(Beginning of GIVEN INFORMATION)

Lemma sat_rename rho (p : formula L) (s : nat -> A) : injective rho ->
  (sat s (formula_rename rho p) <-> sat (s \o rho) p).
Proof.
move=> inj_rho.
have upd_rename (t : nat -> A) n a : upd t (rho n) a \o rho = upd (t \o rho) n a.
  by apply: functional_extensionality => i; rewrite /upd /= inj_eq.
elim: p s => [t u|r args| |p IH|p IHp q IHq|p IHp q IHq|p IHp q IHq|n p IH|n p IH] s /=.
- by rewrite !eval_term_rename.
- suff -> : (fun i => eval_term s (term_rename rho (args i))) =
            (fun i => eval_term (s \o rho) (args i)) by [].
  by apply: functional_extensionality => i; rewrite eval_term_rename.
- by [].
- by rewrite IH.
- by rewrite IHp IHq.
- by rewrite IHp IHq.
- by rewrite IHp IHq.
- by split=> -[a sat_p]; exists a; move: sat_p; rewrite IH upd_rename.
- by split=> sat_p a; move: (sat_p a); rewrite IH upd_rename.
Qed.

Lemma sat_foldr_Fex (l : seq nat) (p : formula L) (s : nat -> A) :
  sat s (foldr (@Fex L) p l) <->
  exists t : nat -> A, (forall i, i \notin l -> t i = s i) /\ sat t p.
Proof.
elim: l s => [|v l IH] s /=.
  split=> [sat_p|[t [eq_t sat_p]]]; first by exists s.
  by rewrite (_ : s = t) //; apply: functional_extensionality => i; rewrite eq_t.
split=> [[x /IH [t [eq_t sat_p]]]|[t [eq_t sat_p]]].
  exists t; split=> // i; rewrite in_cons negb_or => /andP[ne_iv notin_i].
  by rewrite eq_t // /upd (negbTE ne_iv).
exists (t v); apply/IH; exists t; split=> // i notin_i; rewrite /upd.
by case: eqP => [->|/eqP ne_iv] //; apply: eq_t; rewrite in_cons negb_or ne_iv.
Qed.

End Syntax.

(** * Closure properties of definable sets *)

Section AssignmentDefinable.
Variables (L : signature) (A : structure L).

Definition asg_definable (S : (nat -> A) -> Prop) :=
  exists p : formula L, forall s, S s <-> sat s p.

Lemma asg_definable_ext S S' :
  asg_definable S -> (forall s, S s <-> S' s) -> asg_definable S'.
Proof. by move=> [p def_p] eqS; exists p => s; rewrite -eqS. Qed.

Lemma asg_definableI S S' :
  asg_definable S -> asg_definable S' -> asg_definable (fun s => S s /\ S' s).
Proof. by move=> [p def_p] [q def_q]; exists (Fand p q) => s /=; rewrite def_p def_q. Qed.

Lemma asg_definable_imply S S' :
  asg_definable S -> asg_definable S' -> asg_definable (fun s => S s -> S' s).
Proof. by move=> [p def_p] [q def_q]; exists (Fimp p q) => s /=; rewrite def_p def_q. Qed.

Lemma asg_definableN S : asg_definable S -> asg_definable (fun s => ~ S s).
Proof. by move=> [p def_p]; exists (Fnot p) => s /=; rewrite def_p. Qed.

Lemma asg_definable_const (P : Prop) : asg_definable (fun _ => P).
Proof.
have [HP|HP] := classic P; last by exists (Fbot L).
by exists (Fnot (Fbot L)) => s; split=> // _ [].
Qed.

Lemma asg_definable_eq i j : asg_definable (fun s => s i = s j).
Proof. by exists (Feq (Tvar L i) (Tvar L j)). Qed.

Lemma asg_definable_forall (T : finType) (S : T -> (nat -> A) -> Prop) :
  (forall x, asg_definable (S x)) -> asg_definable (fun s => forall x, S x s).
Proof.
move=> defS; suff: asg_definable (fun s => forall x, x \in enum T -> S x s).
  by move/asg_definable_ext; apply=> s; split=> Ss x //; apply: Ss; rewrite mem_enum.
elim: (enum T) => [|y l IH]; first by apply: asg_definable_ext (asg_definable_const True) _.
apply: asg_definable_ext (asg_definableI (defS y) IH) _ => s; split.
  by move=> [Sy Sl] x; rewrite in_cons => /predU1P[->|/Sl].
by move=> Ss; split=> [|x l_x]; apply: Ss; rewrite in_cons ?eqxx ?l_x ?orbT.
Qed.

Lemma asg_definable_exists (T : finType) (S : T -> (nat -> A) -> Prop) :
  (forall x, asg_definable (S x)) -> asg_definable (fun s => exists x, S x s).
Proof.
move=> defS; apply: asg_definable_ext
  (asg_definableN (asg_definable_forall (fun x => asg_definableN (defS x)))) _ => s.
split=> [|[x Sx] nS]; last exact: nS x Sx.
by move=> nS; apply: NNPP => nex; apply: nS => x Sx; apply: nex; exists x.
Qed.
Theorem corollary1 (R : realType) (n : nat) (A : 'M[R[i]]_n -> Prop)
    (rho sigma tau omega : 'M[R[i]]_n) (t alpha : R) :
  (forall X, A X -> density X) -> gen_convex A ->
  A rho -> A sigma -> A tau -> A omega -> 0 <= t <= 1 ->
  let RHS : \bar R :=
    (t%:E * petz alpha rho tau + (1 - t)%:E * petz alpha sigma omega
     + (alpha / (1 - alpha) *
          ln (complex.Re (\tr (mxpowR rho t *m mxpowR sigma (1 - t))))
        + ln (complex.Re (\tr (mxpowR tau t *m mxpowR omega (1 - t)))))%:E)%E in
  let LHS : \bar R := petz alpha (Mt t rho sigma) (Mt t tau omega) in
  (1 < alpha -> (LHS <= RHS)%E) /\ (0 < alpha < 1 -> (RHS <= LHS)%E).
Proof.
move=> densA convA Arho Asigma Atau Aomega t01 RHS LHS.
pose As := [:: rho; sigma; tau; omega].
have AAs X : X \in As -> A X by rewrite /As !inE => /or4P[] /eqP ->.
have herm X : A X -> X \is hermsymmx by move=> /densA [[]].
have [U Uu diagU] := psd_codiag (fun X XAs => (densA X (AAs X XAs)).1)
  (fun X Y XAs YAs => gen_convex_comm densA convA (AAs X XAs) (AAs Y YAs)).
have /diagU [r r0 Er] : rho \in As by rewrite inE eqxx.
have /diagU [s s0 Es] : sigma \in As by rewrite !inE eqxx orbT.
have /diagU [u u0 Eu] : tau \in As by rewrite !inE eqxx !orbT.
have /diagU [w w0 Ew] : omega \in As by rewrite !inE eqxx !orbT.
have sum1 X x : A X -> X = diag_conj U (realrow x) -> \sum_j x j = 1.
  move=> AX EX; apply: complexI; rewrite rmorph1 -(mxtrace_realrow x Uu) -EX.
  exact: (densA _ AX).2.
have [hr hs] := (herm _ Arho, herm _ Asigma).
have [hu hw] := (herm _ Atau, herm _ Aomega).
have [[[hMrs _] trMrs] _] := convA _ _ Arho Asigma t t01.
have [[[hMuw _] trMuw] _] := convA _ _ Atau Aomega t t01.
have Zrs := renyi_sum_gt0_of_tr Uu hr hs Er Es trMrs.
have Zuw := renyi_sum_gt0_of_tr Uu hu hw Eu Ew trMuw.
have petzMt := petz_realrow Uu hMrs hMuw
  (Mt_realrow Uu hr hs Er Es t) (Mt_realrow Uu hu hw Eu Ew t).
split => [al1 | /andP[_ al1]]; [move: (cpetz_cMt_le al1 r0 s0 u0 w0
    (sum1 _ _ Arho Er) (sum1 _ _ Asigma Es) t01 Zrs Zuw)
  | move: (cpetz_cMt_ge al1 r0 s0 u0 w0 t01 Zrs Zuw)];
by rewrite -(Re_tr_mxpowR_mul_realrow Uu hr hs Er Es t)
  -(Re_tr_mxpowR_mul_realrow Uu hu hw Eu Ew t) -petzMt
  -(petz_realrow Uu hr hu Er Eu) -(petz_realrow Uu hs hw Es Ew).
Qed.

(End of GIVEN INFORMATION)

-- ASSIGNED TASK --
Quote the data above verbatim from its first line to the line that includes "(fun i => eval_term (s", with both boundary lines retained.

-- ANSWER --
Lemma sat_rename rho (p : formula L) (s : nat -> A) : injective rho ->
  (sat s (formula_rename rho p) <-> sat (s \o rho) p).
Proof.
move=> inj_rho.
have upd_rename (t : nat -> A) n a : upd t (rho n) a \o rho = upd (t \o rho) n a.
  by apply: functional_extensionality => i; rewrite /upd /= inj_eq.
elim: p s => [t u|r args| |p IH|p IHp q IHq|p IHp q IHq|p IHp q IHq|n p IH|n p IH] s /=.
- by rewrite !eval_term_rename.
- suff -> : (fun i => eval_term s (term_rename rho (args i))) =
            (fun i => eval_term (s \o rho) (args i)) by [].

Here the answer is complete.